BUSA: Godongwana needs to ensure funds are spent efficiently

Business Unity South Africa CEO Cas Coovadia says Finance Minister Enoch Godongwana needs to outline clear measures to ensure available funds are spent efficiently and to curtail expenditure in the country when he tables in his medium-term budget.

Enoch Godongwana
GCIS

Godongwana will deliver the much-anticipated Medium-Term Budget Policy Statement in the National Assembly on Wednesday.


This comes as the minister had warned that South Africa will run out of money by March 2024 unless it reduces its spending.


As of June 2023, South Africa’s debt to GDP ratio was 72,7%, up from 70,9% in the previous quarter.

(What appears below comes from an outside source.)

(* For all $\vec v\in\hat N^n,\vec w\in\hat N^m$ with $n,m\ge1$, writing $\vec v=\vec v_l\vee\vec v_r$ and $\vec w=\vec w_l\vee\vec w_r$, the set $I=\{\vec u\in\hat N^{n+m}:\vec v\nearrow\vec w\le\vec u\le\vec v\nwarrow\vec w\}$ is the disjoint union of $I_1=\{\vec u:\ \vec v_l\vee(\vec v_r\nearrow\vec w)\le\vec u\le\vec v\nwarrow\vec w\}$ and $I_2=\{\vec u:\ \vec v\nearrow\vec w\le\vec u\le(\vec v\nwarrow\vec w_l)\vee\vec w_r\}$. Equivalently, $\vec v\star\vec w=\vec v_l\vee(\vec v_r\star\vec w)+(\vec v\star\vec w_l)\vee\vec w_r$, where $\vee$ is extended bilinearly, and $I_1$ (resp. $I_2$) is the set of trees appearing in the first (resp. second) summand.
   Context: $\hat N^0=\{()\}$ (empty vector) and, for $n\ge1$, $\hat N^n$ is the set of names of planar rooted binary trees with $n$ internal vertices; every element of $\hat N^n$, $n\ge1$, is uniquely $\vec v_l\vee\vec v_r:=(\vec v_l,1,p+1+\vec v_r)$ with $\vec v_l\in\hat N^p,\vec v_r\in\hat N^q$, $p+q+1=n$, where $k+(w_1,\dots,w_q)=(w_1+k,\dots,w_q+k)$ (so $\vec v\vee()=(\vec v,1)$, $()\vee\vec v=(1,1+\vec v)$, $()\vee()=(1)$). For $\vec v\in\hat N^n,\vec w\in\hat N^m$: $\vec v\nearrow\vec w=(\vec v,n\triangleright w_1,\dots,n\triangleright w_m)$ with $n\triangleright a=a+n$ for $a\neq1$, $n\triangleright1=1$; $\vec v\nwarrow\vec w=(\vec v,n+\vec w)$; $()$ is a unit for both. Componentwise order $\le$. On $K\hat N^\infty_*=\bigoplus_{n\ge1}K\hat N^n$ ($K$ a field of characteristic zero), $\vec v\star\vec w$ is the sum of all $\vec t\in\hat N^{n+m}$ with $\vec v\nearrow\vec w\le\vec t\le\vec v\nwarrow\vec w$, and $()\star\vec v=\vec v\star()=\vec v$. *)

From mathcomp Require Import all_boot.
Set Implicit Arguments. Unset Strict Implicit. Unset Printing Implicit Defensive.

Coovadia says the country has a growing tax revenue shortfall, in part because of weak household finances, low business confidence, low investment, lower global commodity prices, and a weak rand.


"Consequently, BUSA recommends the following for the MTBPS: Curtailing expenditure: The Minister needs to outline clear measures to ensure available funds are spent efficiently and to curtail expenditure, which has to include deep and substantial cuts in spending on non-essential and non-productive programmes, the shelving of unfunded prestige projects and linking future public sector wage increases to inflation.


"These measures must have the support of the rest of the Cabinet, which must speak with one voice to boost public confidence in the government’s commitment to responsible management of the economy.


"Raising debt to fund growth-enhancing expenditure: The minister has no choice but to raise more debt as a stop-gap measure to fund capital investment in growth-enhancing economic infrastructure. However, the increase in debt must be kept to a minimum and be complemented by vital economic reforms that will encourage and facilitate private-sector investment."


He adds that increasing any taxes will burden households and hobble economic growth further as the country's tax-t-GDP ratio is amongst the highest in the world.


"The most effective way to generate fiscal resources is to support economic growth.  South African businesses are working with the government to resolve the crisis in energy, ease the bottlenecks in logistics, and fight crime and corruption. Businesses’ commitment to the country is clear.


"However, South Africa needs leadership with the political will to provide a clear policy environment, a commitment to removing barriers to investment, and to building business, investor, and consumer confidence.


"Economic growth is the national imperative if South Africa is to avoid a fiscal crisis, create jobs, deepen the tax base, and provide sustainable support to its most vulnerable."